RECORDED DATA section start

(* Let $\nu\in(0,\infty)$ and $x\in\mathbb X$. The following are equivalent: (i) there is $c_1>0$ with $\gamma_x(r)\le c_1r^{-\nu}$ for all $r>0$; (ii) there is $c_2>0$ with $\|Ax-Ax_\alpha\|_{\mathbb Y}\le c_2\alpha^{\frac\nu{1+\nu}}$ for all $\alpha>0$ and all $x_\alpha\in R_\alpha(Ax)$. More precisely, (i) implies (ii) with $c_2=4c_1^{\frac1{1+\nu}}$, and (ii) implies (i) with $c_1=c_2^{1+\nu}$.
   Context: Standing setting: $\mathbb X$ real Banach space, $\tau$ a topology with $(\mathbb X,\tau)$ locally convex Hausdorff; $\mathcal R:\mathbb X\to(-\infty,\infty]$ proper convex with $\tau$-compact sublevel sets; $\mathbb Y$ real Hilbert space; $A:\mathbb X\to\mathbb Y$ linear, $\tau$-to-weak continuous. $R_\alpha(g):=\operatorname{argmin}_{x\in\mathrm{dom}(\mathcal R)}(\frac1{2\alpha}\|g-Ax\|_{\mathbb Y}^2+\mathcal R(x))$, $\varrho_1(z):=\sup\{\beta^{-1}\|Az-Az_\beta\|_{\mathbb Y}:\beta>0,z_\beta\in R_\beta(Az)\}$. For $r\ge0$, $B_r:=\{z\in\mathbb X:\varrho_1(z)\le r\}$ and $\gamma_x(r):=\inf_{z\in B_r}\|Ax-Az\|_{\mathbb Y}$. *)

From HB Require Import structures.
From mathcomp Require Import all_boot all_order all_algebra.
From mathcomp Require Import all_classical all_reals all_analysis.
Set Implicit Arguments. Unset Strict Implicit. Unset Printing Implicit Defensive.
Import Order.TTheory GRing.Theory Num.Theory.
Import numFieldNormedType.Exports.
Local Open Scope classical_set_scope.
Local Open Scope ring_scope.

(* [ip] is an inner product on the normed space [Y] inducing its norm;
   together with completeness of Y this makes Y a real Hilbert space. *)
Definition is_inner_product (R : realType) (Y : normedModType R)
    (ip : Y -> Y -> R) : Prop :=
  (forall y z, ip y z = ip z y) /\
  (forall (a : R) (y y' z : Y), ip (a *: y + y') z = a * ip y z + ip y' z) /\
  (forall y, ip y y = `|y| ^+ 2).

RECORDED DATA section end

__DESCRIPTION OF THE TASK__:
Quote verbatim the line containing "together with completeness" and every line after it through the end of the records above.

__PROBLEM SOLUTION__:
   together with completeness of Y this makes Y a real Hilbert space. *)
Definition is_inner_product (R : realType) (Y : normedModType R)
    (ip : Y -> Y -> R) : Prop :=
  (forall y z, ip y z = ip z y) /\
  (forall (a : R) (y y' z : Y), ip (a *: y + y') z = a * ip y z + ip y' z) /\
  (forall y, ip y y = `|y| ^+ 2).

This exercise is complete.